Algo sobre a espera que nunca apreciei e que me aterroriza é como ela alimenta a nossa incapacidade de lidar com a realidade – com aquilo que está bem em frente de nossos olhos.

Estou atenta a tudo, a qualquer mínima mudança. Só que a pior parte de observar demais é que você fica acumulando todos os tipos de ameaças possíveis sem se dar conta que boa parte delas nunca vai acontecer.

Seguro meu celular com força. No “jantar” notei bem discretamente que Quinn usou o dela algumas vezes. Existia algo de alheio naquilo. Ela não estava dando a mínima para o que estava, de fato, acontecendo. A indiferença, embora até agora eu esteja fingindo o oposto, me irritou. O que podia ser mais importante do que o que eu tinha dito?

Será que ela não entendeu o que aquilo significa?

Não que eu entenda. Talvez, mais uma vez, eu esteja somente deixando a espera fazer o trabalho todo – assim, não preciso ser responsabilizada por nada. É mais fácil conviver com a culpa quando se está do lado de fora de tudo. Isso me abstém de encontrar uma razão, uma saída, um final.

A realidade parece fria, mesmo quando fecho os olhos e me permito inspirar e expirar vagarosamente dentro do carro. É tudo muito estéril, porque sei que a pessoa que está ao meu lado sabe da nuvem que se dissipa de mim, vagarosamente. Eu finjo não vê-la, mas está ali – pronta para envolver a nós dois da forma mais asfixiante possível. É bastante aterrador. Mesmo no silêncio, tudo que não tinha se concretizado, que parecia solúvel e nublado, se faz nítido e palpável. Como se a fumaça tivesse se tornado areia em minhas mãos. É sólida em mim, mas ainda assim quebradiça e se esvai com facilidade. Sinto que estou perdendo a autonomia da irrealidade que construí ao meu redor.

Parece que é exatamente assim que a loucura se instala nos mais suscetíveis. Quando o controle se arrebenta. Quando o sentido do interior inflamado se torna um jorro de fracassos vívidos no exterior. Claramente, a minha pilha de revés acaba de ganhar mais uma camada – talvez, a mais incongruente de todas e a que mais machuca.

Não tenho mais condições de sustentar este lado da corda. Talvez nem precise. Quinn, é possível, já tenha abandonado o outro há mais tempo do que minha capacidade de análise pôde confirmar.

Sei que a confirmação é isso. É este hoje. Este silêncio que se avoluma.

Olho para o perfil de Finn.
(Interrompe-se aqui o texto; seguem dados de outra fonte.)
(* For any $\alpha,\beta\in\mathbb N$, $n\in\mathbb Z$ and $\epsilon\in\{0,1\}$: $M_{\alpha,n}M_{\beta,n+\epsilon}=\mathfrak q^{\min(\alpha,\beta)\epsilon}M_{\beta,n+\epsilon}M_{\alpha,n}$ in $U^>_q(L\mathfrak{sl}_2)$.
   Context: Let $q$ be a formal variable and $\mathfrak q=q^2$. $U^>_q(L\mathfrak{sl}_2)$ is the $\mathbb C(q)$-algebra generated by $e_r$ ($r\in\mathbb Z$) subject to $(z-q^2w)e(z)e(w)=(q^2z-w)e(w)e(z)$, $e(z)=\sum_re_rz^{-r}$. Set $M_{0,n}=1$, $M_{1,n}=e_{-n}$ and, for $k\ge1$, $M_{k,n}=\frac{(-1)^{k(k-1)/2}}{(1-\mathfrak q)^{k-1}}Y_k$ where $Y_1=M_{1,n-k+1}$, $Y_j=[Y_{j-1},M_{1,n-k+2j-1}]_{\mathfrak q^j}$ ($2\le j\le k$), $[x,y]_c=xy-c\,yx$. *)

From HB Require Import structures.
From mathcomp Require Import all_boot all_order all_algebra.
From mathcomp Require Import complex.
From mathcomp Require Import reals.
Set Implicit Arguments. Unset Strict Implicit. Unset Printing Implicit Defensive.
Import Order.TTheory GRing.Theory Num.Theory.
Local Open Scope ring_scope.

Definition Cq (R : realType) : fieldType := {fraction {poly R[i]}}.

Definition qv (R : realType) : Cq R := tofrac ('X : {poly R[i]}).

Definition qq (R : realType) : Cq R := qv R ^+ 2.

(* The series relation (z - q^2 w) e(z) e(w) = (q^2 z - w) e(w) e(z),
   with e(z) = \sum_r e_r z^{-r}, is equivalent (coefficient of
   z^{-a} w^{-b}) to
     e_{a+1} e_b - q^2 e_a e_{b+1} = q^2 e_b e_{a+1} - e_{b+1} e_a
   for all a, b in Z. *)
Definition sl2_rel (R : realType) (A : algType (Cq R)) (e : int -> A) : Prop :=
  forall a b : int,
    e (a + 1) * e b - qq R *: (e a * e (b + 1))
    = qq R *: (e b * e (a + 1)) - e (b + 1) * e a.

Definition qcomm (R : realType) (A : algType (Cq R)) (c : Cq R) (x y : A) : A :=
  x * y - c *: (y * x).

(* Y_j for given k, n:  Y_1 = e_{-(n-k+1)},
   Y_j = [Y_{j-1}, M_{1, n-k+2j-1}]_{qq^j},  M_{1,m} = e_{-m}. *)
Fixpoint Yseq (R : realType) (A : algType (Cq R)) (e : int -> A)
  (k : nat) (n : int) (j : nat) : A :=
  match j with
  | 0 => 0 (* unused *)
  | 1 => e (- (n - k%:Z + 1))
  | j'.+1 => qcomm (qq R ^+ j'.+1) (Yseq e k n j')
                   (e (- (n - k%:Z + 2 * (j'.+1)%:Z - 1)))
  end.

Definition Mkn (R : realType) (A : algType (Cq R)) (e : int -> A)
  (k : nat) (n : int) : A :=
  if k is 0 then 1
  else ((-1) ^+ (k * (k - 1) %/ 2) / (1 - qq R) ^+ (k - 1)) *: Yseq e k n k.

From mathcomp Require Import all_boot all_order all_algebra.
From mathcomp Require Import complex reals ring zify.
Import Order.TTheory GRing.Theory Num.Theory.
Local Open Scope ring_scope.
Set Implicit Arguments. Unset Strict Implicit. Unset Printing Implicit Defensive.

(* Write f m := e_{-m} and let q stand for \mathfrak q. Up to a nonzero scalar,
   M_{k+1,n} is the left-nested q-commutator [qchain k n] of the generators
   f (n - k), f (n - k + 2), ..., f (n + k), and the defining relation reads
   [f c, f d]_q = - [f (d - 1), f (c + 1)]_q.  By induction on k, [qchain k c]
   q-commutes with every f m, |m - c| <= k + 1, with factor q^(m - c): the
   relation trades a generator at the edge of the range for a q-commutator of
   generators strictly inside it, and the induction also shows that the chain
   may be bracketed from the right instead.  If alpha <= beta, every factor of
   the chain of M_{alpha,n} lies in the range of the chain of M_{beta,n+eps},
   so the factors multiply to q^(alpha eps); symmetrically if beta < alpha. *)

Section SkewCommutation.

Variables (F : fieldType) (A : algType F).

Definition qcommutator (c : F) (x y : A) : A := x * y - c *: (y * x).

Lemma qcommutatorA (a b : F) (h B g : A) :
  GRing.comm B (a *: (h * g) - b *: (g * h)) ->
  qcommutator b (qcommutator a h B) g = qcommutator b h (qcommutator a B g).
Proof.
rewrite /GRing.comm /qcommutator.
rewrite !mulrBl !mulrBr -!scalerAl -!scalerAr !scalerBr !scalerA !mulrA => /eqP.
rewrite subr_eq addrAC eq_sym subr_eq => /eqP BX.
by rewrite -!addrA -!opprD !addrA BX.
Qed.

Variable t : F.

Definition skew_comm (z : int) (x y : A) : Prop := x * y = t ^ z *: (y * x).

Lemma skew_comm0r z (x : A) : skew_comm z x 0.
Proof. by rewrite /skew_comm mulr0 mul0r scaler0. Qed.

Lemma skew_commZl z a (x y : A) : skew_comm z x y -> skew_comm z (a *: x) y.
Proof. by rewrite /skew_comm -scalerAl -scalerAr => ->; rewrite !scalerA mulrC. Qed.

Lemma skew_commZr z a (x y : A) : skew_comm z x y -> skew_comm z x (a *: y).
Proof. by rewrite /skew_comm -scalerAl -scalerAr => ->; rewrite !scalerA mulrC. Qed.

Lemma skew_commBr z (x y1 y2 : A) :
  skew_comm z x y1 -> skew_comm z x y2 -> skew_comm z x (y1 - y2).
Proof. by rewrite /skew_comm mulrBr mulrBl scalerBr => -> ->. Qed.

Hypothesis t_neq0 : t != 0.

Lemma skew_commC z (x y : A) : skew_comm z x y -> skew_comm (- z) y x.
Proof.
rewrite /skew_comm => ->.
by rewrite scalerA -invr_expz mulVf ?scale1r // expfz_neq0.
Qed.

Lemma skew_commMr z1 z2 (x y1 y2 : A) :
  skew_comm z1 x y1 -> skew_comm z2 x y2 -> skew_comm (z1 + z2) x (y1 * y2).
Proof.
rewrite /skew_comm => xy1 xy2.
by rewrite mulrA xy1 -scalerAl -[y1 * x * y2]mulrA xy2 -scalerAr mulrA scalerA expfzDr.
Qed.

Lemma skew_comm_qcommutatorr c z1 z2 (x y1 y2 : A) :
  skew_comm z1 x y1 -> skew_comm z2 x y2 ->
  skew_comm (z1 + z2) x (qcommutator c y1 y2).
Proof.
move=> xy1 xy2; apply: skew_commBr; first exact: skew_commMr.
by apply: skew_commZr; rewrite addrC; apply: skew_commMr.
Qed.

Lemma skew_comm_qcommutator_defectr (K : nat) (r : int) (a g y X : A) :
  skew_comm (r + 1) a y -> qcommutator t y g = - X ->
  skew_comm (K%:Z + r + 1) a X -> skew_comm r (qcommutator (t ^+ K) a g) y.
Proof.
rewrite /skew_comm /qcommutator => ay yg aX.
have ya : y * a = t ^ (- (r + 1)) *: (a * y).
  by rewrite ay scalerA -invr_expz mulVf ?scale1r // expfz_neq0.
have {}yg : y * g = t *: (g * y) - X by rewrite -yg addrC subrK.
rewrite mulrBl -scalerAl -[g * a * y]mulrA ay -scalerAr scalerA mulrA.
rewrite mulrBr -scalerAr scalerBr scalerA [y * (g * a)]mulrA [y * (a * g)]mulrA.
rewrite ya -scalerAl -[a * y * g]mulrA !yg.
rewrite mulrBl mulrBr -scalerAl -scalerAr aX !scalerBr !scalerA.
have e1 : t ^ r * t ^ (- (r + 1)) * t = 1.
  by rewrite -expfzDr // -[X in _ * X]expr1z -expfzDr // -(expr0z t); congr (_ ^ _); ring.
have e2 : t ^ r * t ^ (- (r + 1)) * t ^ (K%:Z + r + 1) = t ^ r * t ^+ K.
  by rewrite -!expfzDr // exprnP -expfzDr //; congr (_ ^ _); ring.
have e3 : t ^ r * t ^+ K * t = t ^+ K * t ^ (r + 1).
  by rewrite exprnP -!expfzDr // -[X in _ * X]expr1z -expfzDr //; congr (_ ^ _); ring.
by rewrite e1 e2 e3 scale1r mulrA opprB addrA subrK.
Qed.

Lemma skew_comm_qcommutator_defectl (K : nat) (r : int) (h B y X : A) :
  skew_comm (r - 1) B y -> qcommutator t h y = - X ->
  skew_comm (r - 1 - K%:Z) B X -> skew_comm r (qcommutator (t ^+ K) h B) y.
Proof.
rewrite /skew_comm /qcommutator => By hy BX.
have {}hy : h * y = t *: (y * h) - X by rewrite -hy addrC subrK.
rewrite mulrBl -scalerAl -[h * B * y]mulrA -[B * h * y]mulrA By hy.
rewrite -scalerAr mulrA hy mulrBr -scalerAr BX mulrBl -scalerAl.
rewrite [B * (y * h)]mulrA By -scalerAl mulrBr -scalerAr.
rewrite !scalerBr !scalerA !mulrA.
have e1 : t ^ (r - 1) * t = t ^ r.
  by rewrite -[X in _ * X]expr1z -expfzDr // subrK.
have e2 : t ^+ K * t * t ^ (r - 1) = t ^ r * t ^+ K.
  by rewrite exprnP -[X in _ * X * _]expr1z -!expfzDr //; congr (_ ^ _); ring.
have e3 : t ^+ K * t ^ (r - 1 - K%:Z) = t ^ (r - 1).
  by rewrite exprnP -!expfzDr //; congr (_ ^ _); ring.
by rewrite e1 e2 e3 opprB addrA subrK.
Qed.

End SkewCommutation.

Section QChain.

Variables (F : fieldType) (A : algType F) (t : F) (f : int -> A).

(* [qchain j c] has the j + 1 factors f (c - j), f (c - j + 2), ..., f (c + j). *)
Fixpoint qchain (j : nat) (c : int) : A :=
  if j is j'.+1 then qcommutator (t ^+ j.+1) (qchain j' (c - 1)) (f (c + j%:Z))
  else f c.

Lemma qchainS j c :
  qchain j.+1 c = qcommutator (t ^+ j.+2) (qchain j (c - 1)) (f (c + j.+1%:Z)).
Proof. by []. Qed.

Hypothesis t_neq0 : t != 0.
Hypothesis two_neq0 : 2 != 0 :> F.
Hypothesis f_rel : forall c d,
  qcommutator t (f c) (f d) = - qcommutator t (f (d - 1)) (f (c + 1)).

Lemma skew_comm_succ c : skew_comm t 1 (f c) (f (c + 1)).
Proof.
have := f_rel c (c + 1); rewrite addrK; set x := qcommutator _ _ _ => x_opp.
have : 2 *: x == 0 by rewrite scaler_nat mulr2n {2}x_opp subrr.
by rewrite scaler_eq0 (negPf two_neq0) /x /qcommutator subr_eq0 /skew_comm expr1z => /eqP.
Qed.

Lemma qchain_skew_comm_f_step j :
  (forall c m, c - j.+1%:Z <= m <= c + j.+1%:Z ->
     skew_comm t (m - c) (qchain j c) (f m)) ->
  (forall c, qchain j.+1 c = qcommutator (t ^+ j.+2) (f (c - j.+1%:Z)) (qchain j (c + 1))) ->
  forall c m, c - j.+2%:Z <= m <= c + j.+2%:Z ->
    skew_comm t (m - c) (qchain j.+1 c) (f m).
Proof.
move=> chain_f chain_recl c m /andP [lo hi].
have [mle|mge] : m <= c + j%:Z \/ c + j.+1%:Z <= m by lia.
- rewrite qchainS.
  apply: (skew_comm_qcommutator_defectr t_neq0
           (X := qcommutator t (f (c + j%:Z)) (f (m + 1)))) => //.
  + by rewrite (_ : m - c + 1 = m - (c - 1)); [apply: chain_f; lia | ring].
  + by rewrite f_rel (_ : c + j.+1%:Z - 1 = c + j%:Z); last lia.
  + have [->|mlt] : m = c + j%:Z \/ m <= c + j%:Z - 1 by lia.
      by rewrite /qcommutator skew_comm_succ expr1z subrr; apply: skew_comm0r.
    rewrite (_ : _ + _ + 1 = (c + j%:Z - (c - 1)) + (m + 1 - (c - 1))); last lia.
    by apply: skew_comm_qcommutatorr => //; apply: chain_f; lia.
- rewrite chain_recl.
  apply: (skew_comm_qcommutator_defectl t_neq0
           (X := qcommutator t (f (m - 1)) (f (c - j.+1%:Z + 1)))) => //.
  + by rewrite (_ : m - c - 1 = m - (c + 1)); [apply: chain_f; lia | ring].
  + rewrite (_ : _ - _ - _ = (m - 1 - (c + 1)) + (c - j.+1%:Z + 1 - (c + 1))); last lia.
    by apply: skew_comm_qcommutatorr => //; apply: chain_f; lia.
Qed.

Lemma qchain_recl_step j :
  (forall c m, c - j.+1%:Z <= m <= c + j.+1%:Z ->
     skew_comm t (m - c) (qchain j c) (f m)) ->
  (forall c, qchain j.+1 c = qcommutator (t ^+ j.+2) (f (c - j.+1%:Z)) (qchain j (c + 1))) ->
  forall c, qchain j.+2 c = qcommutator (t ^+ j.+3) (f (c - j.+2%:Z)) (qchain j.+1 (c + 1)).
Proof.
move=> chain_f chain_recl c.
rewrite [qchain j.+2 c]qchainS (chain_recl (c - 1)) [qchain j.+1 (c + 1)]qchainS.
rewrite (_ : c - 1 - j.+1%:Z = c - j.+2%:Z); last lia.
rewrite (_ : c + 1 + j.+1%:Z = c + j.+2%:Z); last lia.
rewrite !addrK; apply: qcommutatorA.
(* [f_rel] trades f (c - j.+2), f (c + j.+2) for f (c + j.+1), f (c - j.+1),
   whose exponents against [qchain j c] cancel. *)
have -> : t ^+ j.+2 *: (f (c - j.+2%:Z) * f (c + j.+2%:Z))
          - t ^+ j.+3 *: (f (c + j.+2%:Z) * f (c - j.+2%:Z))
    = - t ^+ j.+2 *: qcommutator t (f (c + j.+1%:Z)) (f (c - j.+1%:Z)).
  rewrite [t ^+ j.+3]exprSr -scalerA -scalerBr -/(qcommutator t _ _) f_rel scaleNr scalerN.
  rewrite (_ : c + j.+2%:Z - 1 = c + j.+1%:Z); last lia.
  by rewrite (_ : c - j.+2%:Z + 1 = c - j.+1%:Z); last lia.
have : skew_comm t 0 (qchain j c)
         (- t ^+ j.+2 *: qcommutator t (f (c + j.+1%:Z)) (f (c - j.+1%:Z))).
  apply: skew_commZr.
  rewrite (_ : 0 = (c + j.+1%:Z - c) + (c - j.+1%:Z - c)); last lia.
  by apply: skew_comm_qcommutatorr => //; apply: chain_f; lia.
by rewrite /skew_comm expr0z scale1r.
Qed.

Lemma qchain_skew_comm_f j c m :
  c - j.+1%:Z <= m <= c + j.+1%:Z -> skew_comm t (m - c) (qchain j c) (f m).
Proof.
suff [chain_f _] : (forall c m, c - j.+1%:Z <= m <= c + j.+1%:Z ->
                 skew_comm t (m - c) (qchain j c) (f m)) /\
              (forall c, qchain j.+1 c =
                 qcommutator (t ^+ j.+2) (f (c - j.+1%:Z)) (qchain j (c + 1))).
  exact: chain_f.
elim: j {c m} => [|j [chain_f chain_recl]]; last first.
  by split; [apply: qchain_skew_comm_f_step | apply: qchain_recl_step].
split=> // c m range.
have [->|[->|->]] : m = c - 1 \/ m = c \/ m = c + 1 by lia.
- rewrite (_ : c - 1 - c = - 1); last ring.
  by apply: skew_commC => //; have := skew_comm_succ (c - 1); rewrite subrK.
- by rewrite /skew_comm subrr expr0z scale1r.
- by rewrite addrAC subrr add0r; apply: skew_comm_succ.
Qed.

Lemma skew_comm_qchain (x : A) (d : int) j c :
  (forall m, c - j%:Z <= m <= c + j%:Z -> skew_comm t (m - d) x (f m)) ->
  skew_comm t (j.+1%:Z * (c - d)) x (qchain j c).
Proof.
elim: j c => [|j IH] c xf; first by rewrite mul1r; apply: xf; lia.
rewrite qchainS (_ : _ * _ = j.+1%:Z * (c - 1 - d) + (c + j.+1%:Z - d)); last first.
  by rewrite [j.+2%:Z]intS [j.+1%:Z]intS; ring.
by apply: skew_comm_qcommutatorr => //; [apply: IH => m range; apply: xf | apply: xf]; lia.
Qed.

Lemma qchain_skew_comm j k c d :
  c - k.+1%:Z <= d - j%:Z -> d + j%:Z <= c + k.+1%:Z ->
  skew_comm t (j.+1%:Z * (d - c)) (qchain k c) (qchain j d).
Proof.
move=> lo hi; apply: skew_comm_qchain => m range.
by apply: qchain_skew_comm_f; lia.
Qed.

End QChain.

Lemma qq_neq0 (R : realType) : qq R != 0.
Proof. by rewrite /qq expf_neq0 // /qv tofrac_eq0 polyX_eq0. Qed.

Lemma Cq_two_neq0 (R : realType) : 2 != 0 :> Cq R.
Proof.
by rewrite -(rmorph_nat (@tofrac _)) tofrac_eq0 -polyC_natr polyC_eq0 pnatr_eq0.
Qed.

Section Sl2Relations.

Variables (R : realType) (A : algType (Cq R)) (e : int -> A).

Lemma sl2_rel_qcommutator : sl2_rel e ->
  forall a b, qcommutator (qq R) (e (a + 1)) (e b) = - qcommutator (qq R) (e (b + 1)) (e a).
Proof.
move=> rel a b; move: (rel a b); rewrite /qcommutator.
move: (e (a + 1) * e b) (qq R *: (e a * e (b + 1))) => P Q.
move: (qq R *: (e b * e (a + 1))) (e (b + 1) * e a) => S T h.
by rewrite opprB; apply/eqP; rewrite subr_eq -addrA [- T + S]addrC -h addrC subrK.
Qed.

Lemma sl2_rel_qcommutator_opp : sl2_rel e -> forall c d,
  qcommutator (qq R) (e (- c)) (e (- d))
  = - qcommutator (qq R) (e (- (d - 1))) (e (- (c + 1))).
Proof.
move=> rel c d; have := sl2_rel_qcommutator rel (- c - 1) (- d).
by rewrite subrK => ->; rewrite !opprD opprK.
Qed.

Lemma Yseq_qchain k n j :
  Yseq e k n j.+1 = qchain (qq R) (fun m => e (- m)) j (n - k%:Z + j.+1%:Z).
Proof.
elim: j => [|j IH] //.
rewrite [Yseq _ _ _ _]/= -/(Yseq e k n j.+1) IH qchainS.
rewrite (_ : n - k%:Z + j.+2%:Z - 1 = n - k%:Z + j.+1%:Z); last lia.
by rewrite (_ : n - k%:Z + 2 * j.+2%:Z - 1 = n - k%:Z + j.+2%:Z + j.+1%:Z); last lia.
Qed.

Lemma Mkn_qchain k n :
  Mkn e k.+1 n
  = ((-1) ^+ (k.+1 * k %/ 2) / (1 - qq R) ^+ k) *: qchain (qq R) (fun m => e (- m)) k n.
Proof. by rewrite /Mkn Yseq_qchain subrK subn1. Qed.

End Sl2Relations.

Theorem proposition6p5 (R : realType) (A : algType (Cq R)) (e : int -> A) :
  sl2_rel e ->
  forall (alpha beta : nat) (n : int) (eps : nat), (eps <= 1)%N ->
    Mkn e alpha n * Mkn e beta (n + eps%:Z)
    = (qq R ^+ (minn alpha beta * eps)) *: (Mkn e beta (n + eps%:Z) * Mkn e alpha n).
Proof.
move=> rel [|a] [|b] n eps eps_le1;
  try by rewrite /Mkn ?min0n ?minn0 mul0n expr0 scale1r ?mul1r ?mulr1.
have chain_comm := qchain_skew_comm (qq_neq0 R) (Cq_two_neq0 R) (sl2_rel_qcommutator_opp rel).
rewrite !Mkn_qchain [qq R ^+ _]exprnP; apply/skew_commZl/skew_commZr.
have [le_ab|lt_ba] := leqP a b.
- rewrite minnSS (minn_idPl le_ab) PoszM (_ : _ * _ = - (a.+1%:Z * (n - (n + eps%:Z)))); last ring.
  by apply: skew_commC; [exact: qq_neq0 | apply: chain_comm; lia].
- rewrite minnSS (minn_idPr (ltnW lt_ba)) PoszM (_ : _ * _ = b.+1%:Z * (n + eps%:Z - n)); last ring.
  by apply: chain_comm; lia.
Qed.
Como sempre, ele parece concentrado e sério. Está de olho no pouco tráfego. Não há pontos de tensão em seu maxilar e isso é bom. Não há filamentos de desgosto ou raiva em seu olho direito, as pestanas continuam se abrir e a se fechar. As mãos não castigam o volante. Ele parece tranquilo. É a superfície dele tentando administrar tudo isso. Sei que as camadas de revés dele continuam ali, alojadas em seu coração. Nunca conseguimos interpretar o que existe no mundo oculto do outro, até que o nosso próprio mundo oculto extravasa e machuca o que há ao redor: tudo o que foi construído durante os anos e o que restou dos escombros acumulados. Nossos mundos ocultos apenas existem para transformar passado, presente e futuro em cinzas.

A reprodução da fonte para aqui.